Сэр Эрнест Хевиуэтер тяжело поднялся со стула.

– Откуда отправили поступившее к вам письмо заказа?

– Из Стайлз-корт.

– С того же адреса, по которому вы отправили пакет?

– Да.

– И письмо пришло оттуда же?

– Да.

– Откуда вы это узнали? – ощерившись, грозно спросил адвокат.

– Я… я не понимаю…

– Как вы узнали, что письмо пришло именно из Стайлз-корт? Вы проверили штамп на почтовом отправлении?

– Нет… но…

– Ах, значит, вы не обратили внимания на почтовый штемпель! И тем не менее готовы уверенно заявить, что письмо отправили из Стайлза. Но фактически на письме мог стоять любой почтовый штемпель?

– Д‑да…

– То есть фактически вышеупомянутое письмо могли послать из любого другого места? К примеру, из Уэльса.

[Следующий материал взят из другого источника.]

Lemma has_pd_sum (J : finType) (F : J -> (I -> R) -> R) L :
  (forall a, has_pd (F a) i p (L a)) ->
  has_pd (fun y => sumI (fun a => F a y)) i p (sumI L).
Proof.
rewrite /has_pd /sumI => dF; elim: (enum J) => [|a s IH] /=.
  exact: derivable_pt_lim_const.
exact: derivable_pt_lim_plus (dF a) IH.
Qed.

Lemma has_pd_loc V f g l : is_open V -> V p -> (forall y, V y -> f y = g y) ->
  has_pd f i p l -> has_pd g i p l.
Proof.
move=> Vo Vp fg; have [r [r0 Hr]] := open_line i Vo Vp.
by apply: derivable_pt_lim_loc r0 _ => t /Hr /fg.
Qed.

End PartialDerivatives.

Lemma cont_on_sub (I : finType) (V V' : (I -> R) -> Prop) f :
  (forall y, V' y -> V y) -> cont_on V f -> cont_on V' f.
Proof.
move=> V'V cf x /V'V Vx e e0; have [d [d0 Hd]] := cf x Vx e e0.
by exists d; split => // y /V'V; apply: Hd.
Qed.

Section SmoothFunctions.
Variables (I : finType) (V : (I -> R) -> Prop).
Implicit Types f : (I -> R) -> R.

Lemma Ck_cont k f : Ck k V f -> cont_on V f.
Proof. by case: k => [|k] []. Qed.

Lemma Ck_has_pd k f i p : Ck k.+1 V f -> V p -> has_pd f i p (pd f i p).
Proof. by move=> [_ /(_ i) [ex _]] /ex [l dl]; rewrite (pdE dl). Qed.

Lemma Ck_pd k f i : Ck k.+1 V f -> Ck k V (pd f i).
Proof. by move=> [_ /(_ i) []]. Qed.

Lemma Ck_sub k (V' : (I -> R) -> Prop) f : (forall y, V' y -> V y) -> Ck k V f -> Ck k V' f.
Proof.
move=> V'V; elim: k f => [|k IH] f [cf df]; first by split => //; apply: cont_on_sub cf.
split; first exact: cont_on_sub cf.
move=> i; have [ex dfk] := df i; split; last exact: IH.
by move=> x /V'V; apply: ex.
Qed.

End SmoothFunctions.

Section CoordinateEmbedding.
Variables (I J : finType) (phi : (J -> R) -> (I -> R)) (s : J -> I).
Hypothesis phi_upd : forall y j t, phi (upd y j t) = upd (phi y) (s j) t.
Hypothesis phi_coord : forall y j, phi y (s j) = y j.
Hypothesis phi_contract : forall y y' d, 0 < d -> (forall j, Rabs (y' j - y j) < d) ->
  forall i, Rabs (phi y' i - phi y i) < d.
Implicit Types f : (I -> R) -> R.

Lemma phi_line f y j : (fun t => f (phi (upd y j t))) = (fun t => f (upd (phi y) (s j) t)).
Proof. by apply: functional_extensionality => t; rewrite phi_upd. Qed.

Lemma pd_comp f j : pd (fun y => f (phi y)) j = fun y => pd f (s j) (phi y).
Proof. by apply: functional_extensionality => y; rewrite /pd /has_pd phi_line phi_coord. Qed.

Lemma has_pd_comp f j y l : has_pd f (s j) (phi y) l -> has_pd (fun y => f (phi y)) j y l.
Proof. by rewrite /has_pd phi_line phi_coord. Qed.

Lemma cont_on_comp V f : cont_on V f -> cont_on (fun y => V (phi y)) (fun y => f (phi y)).
Proof.
move=> cf x Vx e e0; have [d [d0 Hd]] := cf _ Vx e e0.
by exists d; split => // y Vy /(phi_contract d0); apply: Hd.
Qed.

Lemma Ck_comp k V f : Ck k V f -> Ck k (fun y => V (phi y)) (fun y => f (phi y)).
Proof.
elim: k f => [|k IH] f [cf df]; first by split => //; apply: cont_on_comp.
split; first exact: cont_on_comp.
move=> j; have [ex dfk] := df (s j); split.
  by move=> y /ex [l dl]; exists l; apply: has_pd_comp.
by rewrite pd_comp; apply: IH.
Qed.

End CoordinateEmbedding.

(** * Symmetry of second partial derivatives *)

Definition plane (I : finType) (p : I -> R) (a c : I) (u v : R) : I -> R :=
  upd (upd p a u) c v.

Section Plane.
Variables (I : finType) (p : I -> R) (a c : I).
Hypothesis ac : a != c.

Lemma plane_l u v : plane p a c u v a = u.
Proof. by rewrite /plane /upd (negbTE ac) eqxx. Qed.

Lemma plane_r u v : plane p a c u v c = v.
Proof. by rewrite /plane /upd eqxx. Qed.

Lemma upd_plane_l u v z : upd (plane p a c u v) a z = plane p a c z v.
Proof.
apply: functional_extensionality => k; rewrite /plane /upd.
by case: (eqVneq k a) => [->|_]; rewrite ?(negbTE ac).
Qed.

Lemma upd_plane_r u v z : upd (plane p a c u v) c z = plane p a c u z.
Proof. by apply: functional_extensionality => k; rewrite /plane /upd; case: eqP. Qed.

Lemma plane_center : plane p a c (p a) (p c) = p.
Proof. by rewrite /plane !upd_id. Qed.

Lemma plane_swap u v : plane p a c u v = plane p c a v u.
Proof.
apply: functional_extensionality => k; rewrite /plane /upd.
by case: (eqVneq k a) => [->|_]; rewrite ?(negbTE ac).
Qed.

Lemma plane_near u v d : Rabs (u - p a) < d -> Rabs (v - p c) < d ->
  forall k, Rabs (plane p a c u v k - p k) < d.
Proof.
move=> du dv k; rewrite /plane /upd.
case: eqP => [->|_] //; case: eqP => [->|_] //.
by rewrite Rminus_diag Rabs_R0; apply: Rle_lt_trans du; apply: Rabs_pos.
Qed.

End Plane.

Section MixedPartials.
Variables (I : finType) (V : (I -> R) -> Prop) (p : I -> R) (a c : I) (r : R).
Hypothesis ac : a != c.
Hypothesis V_plane : forall u v, Rabs (u - p a) < r -> Rabs (v - p c) < r ->
  V (plane p a c u v).
Implicit Types h g : (I -> R) -> R.

Lemma derivable_plane_l k h u v : Ck k.+1 V h ->
  Rabs (u - p a) < r -> Rabs (v - p c) < r ->
  derivable_pt_lim (fun t => h (plane p a c t v)) u (pd h a (plane p a c u v)).
Proof.
move=> hk du dv; have := Ck_has_pd a hk (V_plane du dv).
rewrite /has_pd plane_l //.
by have -> : (fun t => h (upd (plane p a c u v) a t)) = (fun t => h (plane p a c t v))
  by apply: functional_extensionality => t; rewrite upd_plane_l.
Qed.

Lemma derivable_plane_r k h u v : Ck k.+1 V h ->
  Rabs (u - p a) < r -> Rabs (v - p c) < r ->
  derivable_pt_lim (fun t => h (plane p a c u t)) v (pd h c (plane p a c u v)).
Proof.
move=> hk du dv; have := Ck_has_pd c hk (V_plane du dv).
rewrite /has_pd plane_r.
by have -> : (fun t => h (upd (plane p a c u v) c t)) = (fun t => h (plane p a c u t))
  by apply: functional_extensionality => t; rewrite upd_plane_r.
Qed.

Lemma derivable_mixed_plane g u v : Ck 2 V g ->
  Rabs (u - p a) < r -> Rabs (v - p c) < r ->
  derivable_pt_lim (fun z => Derive (fun t => g (plane p a c z t)) v) u
    (pd (pd g c) a (plane p a c u v)).
Proof.
move=> g2 du dv; have r' : 0 < r - Rabs (u - p a) by lra.
apply: derivable_pt_lim_loc r' _ (derivable_plane_l (Ck_pd c g2) du dv) => z dz.
have dz' : Rabs (z - p a) < r.
  have := Rabs_triang (z - u) (u - p a).
  by replace (z - u + (u - p a)) with (z - p a) by ring; lra.
by rewrite (Derive_pt_lim (derivable_plane_r g2 dz' dv)).
Qed.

Свидетель признал, что в данном случае это возможно, и сэр Эрнест, выразительно кивнув, удовлетворенно сел на свое место.

Элизабет Уэллс, вторая горничная в Стайлзе, сообщила суду, что, уже удалившись спать, вспомнила о том, как машинально закрыла входную дверь на засов, а не на ключ, как просил мистер Инглторп. И поэтому она опять спустилась в холл, чтобы исправить свою оплошность. Услышав какой-то шум в западном крыле, заглянула в тот коридор и увидела, как мистер Джон Кавендиш стучит в двери миссис Инглторп.

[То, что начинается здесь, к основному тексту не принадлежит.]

Lemma row_cons0 x : row_head x = 0 -> row_cons 0 (row_tail x) = x.
Proof.
move=> x0; apply/rowP => i; rewrite !mxE; case: unliftP => [j ->|->]; first by rewrite mxE.
by rewrite -x0 /row_head (ord1 ord0).
Qed.

Lemma row_cons0D w w' : row_cons 0 (w + w') = row_cons 0 w + row_cons 0 w'.
Proof. by apply/rowP => i; rewrite !mxE; case: unlift => [j|]; rewrite ?mxE ?addr0. Qed.

Lemma row_cons0Z a w : row_cons 0 (a *: w) = a *: row_cons 0 w.
Proof. by apply/rowP => i; rewrite !mxE; case: unlift => [j|]; rewrite ?mxE ?mulr0. Qed.

Lemma row_cons00 : row_cons 0 (0 : 'rV[R]_n) = 0.
Proof. by apply/rowP => i; rewrite !mxE; case: unlift => [j|]; rewrite ?mxE. Qed.

Lemma pairing_row_cons c w x :
  pairing (row_cons c w) x = c * row_head x + pairing w (row_tail x).
Proof.
rewrite /pairing big_ord_recl /row_head !mxE unlift_none; congr (_ + _).
by apply: eq_bigr => i _; rewrite !mxE liftK.
Qed.

End RowCoordinates.

Section Separation.
Variable R : realType.

Definition convex_cone n (K : set 'rV[R]_n) : Prop :=
  (forall x y, K x -> K y -> K (x + y)) /\
  (forall (l : R) x, 0 < l -> K x -> K (l *: x)).

Definition head0_slice n (K : set 'rV[R]_n.+1) : set 'rV[R]_n :=
  [set y | K (row_cons 0 y)].

Section Slice.
Variables (n : nat) (K : set 'rV[R]_n.+1).
Hypothesis coneK : convex_cone K.

Lemma convex_cone_head0_slice : convex_cone (head0_slice K).
Proof.
have [KD KZ] := coneK.
by split=> [x y Kx Ky|l x l_gt0 Kx]; rewrite /head0_slice /= ?row_cons0D ?row_cons0Z;
  [apply: KD|apply: KZ].
Qed.

Lemma head0_slice_tail k : K k -> row_head k = 0 -> head0_slice K (row_tail k).
Proof. by move=> Kk k0; rewrite /head0_slice /= row_cons0. Qed.

Lemma head0_slice_mix u v : K u -> 0 < row_head u -> K v -> row_head v < 0 ->
  head0_slice K (row_tail ((- row_head v) *: u + row_head u *: v)).
Proof.
move=> Ku u_gt0 Kv v_lt0; have [KD KZ] := coneK.
apply: head0_slice_tail; last by rewrite row_headD !row_headZ; ring.
by apply: KD; apply: KZ; rewrite // oppr_gt0.
Qed.

(* Hahn-Banach in one more dimension: the best head coefficient is the supremum of
   the lower bounds imposed by the elements of [K] with positive head. *)
Lemma dual_head0_slice_extend w :
  (exists2 u, K u & 0 < row_head u) -> (exists2 v, K v & row_head v < 0) ->
  dual_cone (head0_slice K) w -> exists c, dual_cone K (row_cons c w).
Proof.
move=> [u0 Ku0 u0_gt0] [v0 Kv0 v0_lt0] dw.
pose p x := pairing w (row_tail x).
pose L := [set r | exists u, [/\ K u, 0 < row_head u & r = - p u / row_head u]].
have L_ub v : K v -> row_head v < 0 -> ubound L (p v / - row_head v).
  move=> Kv v_lt0 _ [u [Ku u_gt0 ->]].
  have := dw _ (head0_slice_mix Ku u_gt0 Kv v_lt0).
  rewrite /p row_tailD !row_tailZ pairingDr !pairingZr => uv_ge0.
  by rewrite ler_pdivlMr ?oppr_gt0 // mulrAC ler_pdivrMr //; lra.
have L0 : L !=set0 by exists (- p u0 / row_head u0), u0.
have hasL : has_ubound L by exists (p v0 / - row_head v0); apply: L_ub.
exists (sup L) => k Kk; rewrite pairing_row_cons.
case: (ltgtP (row_head k) 0) => [k_lt0|k_gt0|k0].
- have := ge_sup L0 (L_ub _ Kk k_lt0).
  by rewrite ler_pdivlMr ?oppr_gt0 // /p; lra.
- have := ub_le_sup hasL (ex_intro _ k (And3 Kk k_gt0 erefl)).
  by rewrite ler_pdivrMr // /p; lra.
- by rewrite k0 mulr0 add0r; apply: dw; apply: head0_slice_tail.
Qed.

С нею сэр Эрнест Хевиуэтер разделался в два счета, и под его немилосердно пугающими вопросами она, безнадежно запутавшись, начала противоречить самой себе, а сэр Эрнест с довольной улыбкой вновь опустился на свой стул.

Энни ответила, что не видела на полу стеаринового пятна, зато видела, как обвиняемый отнес кофе в будуар. После ее показаний заседание закончилось и разбирательство отложили до завтра.

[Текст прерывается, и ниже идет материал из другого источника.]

(* Let $\mathcal A=(Q,\Sigma,\delta,\rho)$ be a connected bireversible Mealy automaton whose labeled orbit tree $\mathfrak t(\mathcal A)$ has no active self-liftable branch, and let $\mathfrak j=\mathfrak j(\mathbf e)$ be a jungle tree whose trunk $\mathbf e$ has length $n$ and edge labels $k_1,\dots,k_n$ (from the root down). Then for every $i\in\{0,\dots,n\}$ and every $\mathbf u\in Q^i$ which is a prefix of some stem, the number of stems of $\mathfrak j$ with prefix $\mathbf u$ equals $k_{i+1}k_{i+2}\cdots k_n$ (in particular it depends only on $i$).
   Context: Mealy automata. A Mealy automaton is $\mathcal A=(Q,\Sigma,\delta,\rho)$ with $Q,\Sigma$ finite non-empty sets, $\delta=(\delta_i\colon Q\to Q)_{i\in\Sigma}$, $\rho=(\rho_x\colon\Sigma\to\Sigma)_{x\in Q}$; transitions $x\xrightarrow{i\mid\rho_x(i)}\delta_i(x)$. Invertible: each $\rho_x$ a permutation of $\Sigma$; reversible: each $\delta_i$ a permutation of $Q$; bireversible: invertible, reversible, and for each $j\in\Sigma$ the map $x\mapsto\delta_{\rho_x^{-1}(j)}(x)$ is a permutation of $Q$. Connected: the directed graph on $Q$ with edges $x\to\delta_i(x)$ is connected. Extensions: $\rho_x(i\mathbf s)=\rho_x(i)\rho_{\delta_i(x)}(\mathbf s)$; $\rho_{x_1\cdots x_m}=\rho_{x_m}\circ\cdots\circ\rho_{x_1}$; $\delta_i(x\mathbf u)=\delta_i(x)\delta_{\rho_x(i)}(\mathbf u)$ on $Q^*$, $\delta_{i_1\cdots i_m}=\delta_{i_m}\circ\cdots\circ\delta_{i_1}$. The connected components of $\mathcal A^n$ (stateset $Q^n$, transitions $\mathbf u\xrightarrow{i\mid\rho_{\mathbf u}(i)}\delta_i(\mathbf u)$) are, for reversible $\mathcal A$, the orbits of $Q^n$ under the maps $\delta_{\mathbf s}$. Orbit tree $\mathfrak t(\mathcal A)$: vertices at level $n\ge0$ are the connected components of $\mathcal A^n$; an edge from the component of $\mathbf u\in Q^n$ to that of $\mathbf ux$ for all $\mathbf u,x$; edge $C\to D$ labeled $\#D/\#C$. $\top,\bot$ = first/last vertex of a downward path; level of an edge/path = level of its top vertex. A word of $Q^*\cup Q^\omega$ represents the initial path through the components of its prefixes. Edge $e$ is liftable to $f$ if every word of $\bot(e)$ has a suffix in $\bot(f)$; paths are liftable if corresponding edges are. $f$ is a legitimate child of $e$ if $\top(f)=\bot(e)$ and $f$ is liftable to $e$. A path/subtree $\mathfrak s$ is $k$-self-liftable if for all $i\ge0$ every path in $\mathfrak s$ starting at level $i+k$ is liftable to a path in $\mathfrak s$ starting at level $i$; self-liftable if $k$-self-liftable for some $k>0$. A branch (infinite initial path) is active if its labels are not eventually all $1$. Jungle trees: for a finite 1-self-liftable initial path $\mathbf e$ of length $n$ whose last edge has at least two legitimate children, all labeled $1$, $\mathfrak j(\mathbf e)$ consists of $\mathbf e$ (the trunk) plus all edges descending from $\bot(\mathbf e)$ that are liftable to the last edge of $\mathbf e$. Stems: the words of $\bot(\mathbf e)\subseteq Q^n$. *)

From HB Require Import structures.
From mathcomp Require Import all_boot all_algebra.
From mathcomp Require Import boolp.
From Stdlib Require Import Relations.
Set Implicit Arguments. Unset Strict Implicit. Unset Printing Implicit Defensive.
Import GRing.Theory Num.Theory.

(* A Mealy automaton (Q, S, delta, rho): delta i : Q -> Q for i : S,
   rho x : S -> S for x : Q; transition x --i|rho x i--> delta i x. *)
Section Mealy.
Variables (Q S : finType) (delta : S -> Q -> Q) (rho : Q -> S -> S).

Definition invertible := forall x : Q, bijective (rho x).
Definition reversible := forall i : S, bijective (delta i).
(* inverse of rho x (meaningful when rho x is a permutation) *)
Definition rhoinv (x : Q) (j : S) : S := odflt j [pick i | rho x i == j].
Definition bireversible :=
  [/\ invertible, reversible &
      forall j : S, bijective (fun x : Q => delta (rhoinv x j) x)].

Definition qstep (x y : Q) : Prop := exists i : S, delta i x = y.
Definition connected := forall x y : Q, clos_refl_sym_trans Q qstep x y.

Fixpoint deltaw (i : S) (u : seq Q) : seq Q :=
  if u is x :: u' then delta i x :: deltaw (rho x i) u' else [::].

Definition wstep (u v : seq Q) : Prop := exists i : S, deltaw i u = v.
(* v lies in the connected component of u (in A^(size u)) *)
Definition wcomp (u v : seq Q) : Prop := clos_refl_sym_trans (seq Q) wstep u v.

Definition ccard (u : seq Q) : nat :=
  #|[set t : (size u).-tuple Q | `[< wcomp u (val t) >]]|.

(* A vertex at level n is a component of A^n, represented by
   any of its words.  Every edge at level n goes from the component of
   (take n w) to the component of w, for a word w of length n+1; we
   represent the edge by w (two words represent the same edge iff they
   are in the same component).  bot(w) = wcomp w, top(w) = wcomp (take n w). *)
Definition etop (w : seq Q) : seq Q := take (size w).-1 w.

Definition label (w : seq Q) : rat := ((ccard w)%:R / (ccard (etop w))%:R)%R.

Definition liftable (w w' : seq Q) : Prop :=
  forall v, wcomp w v -> exists k, wcomp w' (drop k v).

(* A set of edges (subtree / path) is a predicate E on representatives. *)
Definition path_in (E : seq Q -> Prop) (i r : nat) (p : nat -> seq Q) : Prop :=
  (forall t, t < r -> size (p t) = (i + t).+1 /\ E (p t)) /\
  (forall t, t.+1 < r -> wcomp (p t) (etop (p t.+1))).

Definition path_liftable (r : nat) (p p' : nat -> seq Q) : Prop :=
  forall t, t < r -> liftable (p t) (p' t).

Definition self_liftable_k (E : seq Q -> Prop) (k : nat) : Prop :=
  forall i r p, path_in E (i + k) r p ->
    exists p', path_in E i r p' /\ path_liftable r p p'.

Definition self_liftable (E : seq Q -> Prop) : Prop :=
  exists k, 0 < k /\ self_liftable_k E k.

(* A branch (infinite initial path) given by representatives b j of its
   vertex at level j. *)
Definition branch (b : nat -> seq Q) : Prop :=
  forall j, size (b j) = j /\ wcomp (b j) (take j (b j.+1)).

Definition branch_edges (b : nat -> seq Q) (w : seq Q) : Prop :=
  exists j, wcomp (b j.+1) w.

Definition active (b : nat -> seq Q) : Prop :=
  ~ (exists N, forall j, N <= j -> label (b j.+1) = 1%R).

(* A finite initial path of length n, represented (as in the paper) by a
   word w0 of Q^n: the path through the components of its prefixes.
   Its edge at level t < n is represented by take t.+1 w0. *)
Definition ipath_edges (w0 : seq Q) (w : seq Q) : Prop :=
  exists t, t < size w0 /\ wcomp (take t.+1 w0) w.

Definition legit_child (e f : seq Q) : Prop :=
  size f = (size e).+1 /\ wcomp e (etop f) /\ liftable f e.

Definition jungle_trunk (w0 : seq Q) : Prop :=
  [/\ 0 < size w0,
      self_liftable_k (ipath_edges w0) 1,
      (exists f1 f2, legit_child w0 f1 /\ legit_child w0 f2 /\ ~ wcomp f1 f2) &
      (forall f, legit_child w0 f -> label f = 1%R)].

(* stems of the jungle tree: words of bot(e) = wcomp w0 *)
Definition stems_with_prefix (w0 u : seq Q) : nat :=
  #|[set t : (size w0).-tuple Q | `[< wcomp w0 (val t) /\ take (size u) (val t) = u >]]|.

End Mealy.

(* Each δ_s is injective on words of a reversible automaton and sends the
   stems with prefix u to stems with prefix δ_s(u); so along the orbit of u
   under the permutation δ_s of Q^i the number of such stems cannot decrease,
   hence it is constant on the components of A^i.  Sorting the component of
   the trunk word w by prefixes of length i then gives
   #comp(w) = #comp(w[..i]) * #(stems with prefix u), and the labels of the
   trunk below level i telescope to #comp(w) / #comp(w[..i]). *)
From Pilot Require Import Defs.
From HB Require Import structures.
From mathcomp Require Import all_boot all_algebra.
From mathcomp Require Import boolp.
From Stdlib Require Import Relations.
Set Implicit Arguments. Unset Strict Implicit. Unset Printing Implicit Defensive.
Import GRing.Theory Num.Theory.

Lemma inj_nondecreasing_eq (T : finType) (f : T -> T) (g : T -> nat) :
  injective f -> (forall x, (g x <= g (f x))%N) -> forall x, g (f x) = g x.
Proof.
move=> f_inj g_le x; apply/eqP; rewrite eqn_leq g_le andbT.
have g_iter k y : (g y <= g (iter k f y))%N.
  by elim: k => [|k IHk] //=; apply: leq_trans IHk (g_le _).
by have := g_iter (fingraph.order f x).-1 (f x); rewrite -iterSr orderSpred iter_order.
Qed.

Section MealyWords.
Variables (Q S : finType) (delta : S -> Q -> Q) (rho : Q -> S -> S).

Local Notation deltaw := (deltaw delta rho).
Local Notation wcomp := (wcomp delta rho).
Local Notation ccard := (ccard delta rho).
Local Notation stems_with_prefix := (stems_with_prefix delta rho).

Lemma size_deltaw s u : size (deltaw s u) = size u.
Proof. by elim: u s => [|x u IHu] s //=; rewrite IHu. Qed.

Lemma take_deltaw k s u : take k (deltaw s u) = deltaw s (take k u).
Proof. by elim: u k s => [|x u IHu] [|k] s //=; rewrite IHu. Qed.

Lemma wcomp_take k u v : wcomp u v -> wcomp (take k u) (take k v).
Proof.
elim=> [x y [s <-]|x|x y _|x y z _ Hxy _ Hyz].
- by apply: rst_step; exists s; rewrite take_deltaw.
- exact: rst_refl.
- exact: rst_sym.
- exact: rst_trans Hxy Hyz.
Qed.

Lemma ccard_gt0 u : (0 < ccard u)%N.
Proof. by apply/card_gt0P; exists (in_tuple u); rewrite inE; apply/asboolP/rst_refl. Qed.

Lemma stems_with_prefix_eq0 w u :
  ~ wcomp (take (size u) w) u -> stems_with_prefix w u = 0%N.
Proof.
move=> u_out; apply/eqP; rewrite cards_eq0; apply/eqP/setP => t; rewrite !inE.
by apply/negbTE/asboolP => -[wt tu]; apply: u_out; rewrite -{2}tu; apply: wcomp_take.
Qed.

Definition prefix_tuple {w : seq Q} i (t : (size w).-tuple Q) : (size (take i w)).-tuple Q :=
  tcast (esym (size_take_min i w)) [tuple of take i t].

Lemma card_component_prefix w i (p : (size (take i w)).-tuple Q) :
  (i <= size w)%N ->
  #|[set t | `[< wcomp w (val t) >] & prefix_tuple i t == p]| =
  stems_with_prefix w p.
Proof.
move=> le_i; apply: eq_card => t.
rewrite !inE -val_eqE /prefix_tuple /= val_tcast /= size_tuple.
have -> : take (size (take i w)) t = take i t by rewrite size_takel.
by apply/andP/asboolP => -[wt /eqP tp]; split=> //; apply/asboolP.
Qed.

Section Reversible.
Hypothesis delta_rev : reversible delta.

Lemma deltaw_inj s u v :
  size u = size v -> deltaw s u = deltaw s v -> u = v.
Proof.
elim: u v s => [|x u IHu] [|y v] s //= [sz_uv] [exy euv].
have [g deltaK _] := delta_rev s.
have {}exy : x = y by rewrite -(deltaK x) -(deltaK y) exy.
by subst y; rewrite (IHu _ _ sz_uv euv).
Qed.

Definition deltaw_tuple n s (t : n.-tuple Q) : n.-tuple Q :=
  @Tuple n Q (deltaw s t) (introT eqP (etrans (size_deltaw s t) (size_tuple t))).

Lemma deltaw_tuple_inj n s : injective (@deltaw_tuple n s).
Proof.
by move=> t t' /(congr1 val) /deltaw_inj e; apply/val_inj/e; rewrite !size_tuple.
Qed.

Lemma stems_with_prefix_le_deltaw w s u :
  (stems_with_prefix w u <= stems_with_prefix w (deltaw s u))%N.
Proof.
rewrite /Defs.stems_with_prefix -(card_imset _ (@deltaw_tuple_inj _ s)).
apply: subset_leq_card.
apply/subsetP => _ /imsetP [t + ->]; rewrite inE => /asboolP [wt ut].
rewrite inE; apply/asboolP; split; last by rewrite /= size_deltaw take_deltaw ut.
by apply: rst_trans wt _; apply: rst_step; exists s.
Qed.

Lemma stems_with_prefix_deltaw w s u :
  stems_with_prefix w (deltaw s u) = stems_with_prefix w u.
Proof.
apply: (@inj_nondecreasing_eq _ (@deltaw_tuple (size u) s)
  (fun t => stems_with_prefix w (val t)) (@deltaw_tuple_inj _ s) _ (in_tuple u)).
by move=> t; apply: stems_with_prefix_le_deltaw.
Qed.

Lemma eq_stems_with_prefix w u v :
  wcomp u v -> stems_with_prefix w u = stems_with_prefix w v.
Proof.
by elim=> // [x y [s <-]|x y z _ -> _ ->] //; rewrite stems_with_prefix_deltaw.
Qed.

Lemma ccard_prefix_mul w i u : (i <= size w)%N -> wcomp (take i w) u ->
  ccard w = (ccard (take i w) * stems_with_prefix w u)%N.
Proof.
move=> le_i wu; rewrite /Defs.ccard -sum1dep_card (partition_big (prefix_tuple i) predT) //=.
under eq_bigr => p _ do rewrite sum1dep_card card_component_prefix //.
rewrite (eq_bigr (fun p => if `[< wcomp (take i w) (val p) >]
                           then stems_with_prefix w u else 0%N)); last first.
  move=> p _; case: asboolP => [wp|wp]; last first.
    apply: stems_with_prefix_eq0.
    by have -> : take (size (val p)) w = take i w by rewrite size_tuple size_takel.
  by apply: eq_stems_with_prefix; apply: rst_trans (rst_sym _ _ _ _ wp) wu.
by rewrite -big_mkcond sum_nat_cond_const mulnC.
Qed.

End Reversible.
End MealyWords.

Local Open Scope ring_scope.

Theorem lemma5p12 (Q S : finType) (delta : S -> Q -> Q) (rho : Q -> S -> S)
  (hQ : (0 < #|Q|)%N) (hS : (0 < #|S|)%N)
  (hconn : connected delta)
  (hbirev : bireversible delta rho)
  (hnoact : forall b : nat -> seq Q, branch delta rho b -> active delta rho b ->
     ~ self_liftable delta rho (branch_edges delta rho b))
  (w0 : seq Q) (hjungle : jungle_trunk delta rho w0) :
  forall (i : nat) (u : seq Q), (i <= size w0)%N -> size u = i ->
    (exists v, wcomp delta rho w0 v /\ take i v = u) ->
    (stems_with_prefix delta rho w0 u)%:R
      = \prod_(i <= t < size w0) label delta rho (take t.+1 w0) :> rat.
Proof.
move=> i u le_i _ [v [w0v <-]].
have [_ delta_rev _] := hbirev.
pose c t : rat := (ccard delta rho (take t w0))%:R.
have c_neq0 t : c t != 0 by rewrite pnatr_eq0 -lt0n ccard_gt0.
have countE : c (size w0) = c i * (stems_with_prefix delta rho w0 (take i v))%:R.
  rewrite /c take_size -natrM.
  by rewrite (ccard_prefix_mul (rho := rho) delta_rev le_i (wcomp_take i w0v)).
have [ei|lt_i] := eqVneq i (size w0).
  by subst i; apply: (mulfI (c_neq0 (size w0))); rewrite -countE big_geq // mulr1.
rewrite (telescope_prodf_eq c) //.
- by rewrite countE mulrC mulKf.
- by rewrite ltn_neqAle lt_i le_i.
- by move=> t /andP[_ lt_t]; rewrite /label /etop size_takel //= take_takel.
Qed.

По дороге домой Мэри Кавендиш бурно возмущалась поведением обвинителя.

– Какой отвратительный тип! Что за сети он раскидывает вокруг моего бедного Джона! Он ведь так извращает любые обычные детали, что они в итоге выстраиваются в какой-то злодейский план!

– Пока рано делать выводы, – утешительно заметил я, – завтра положение дела может круто измениться.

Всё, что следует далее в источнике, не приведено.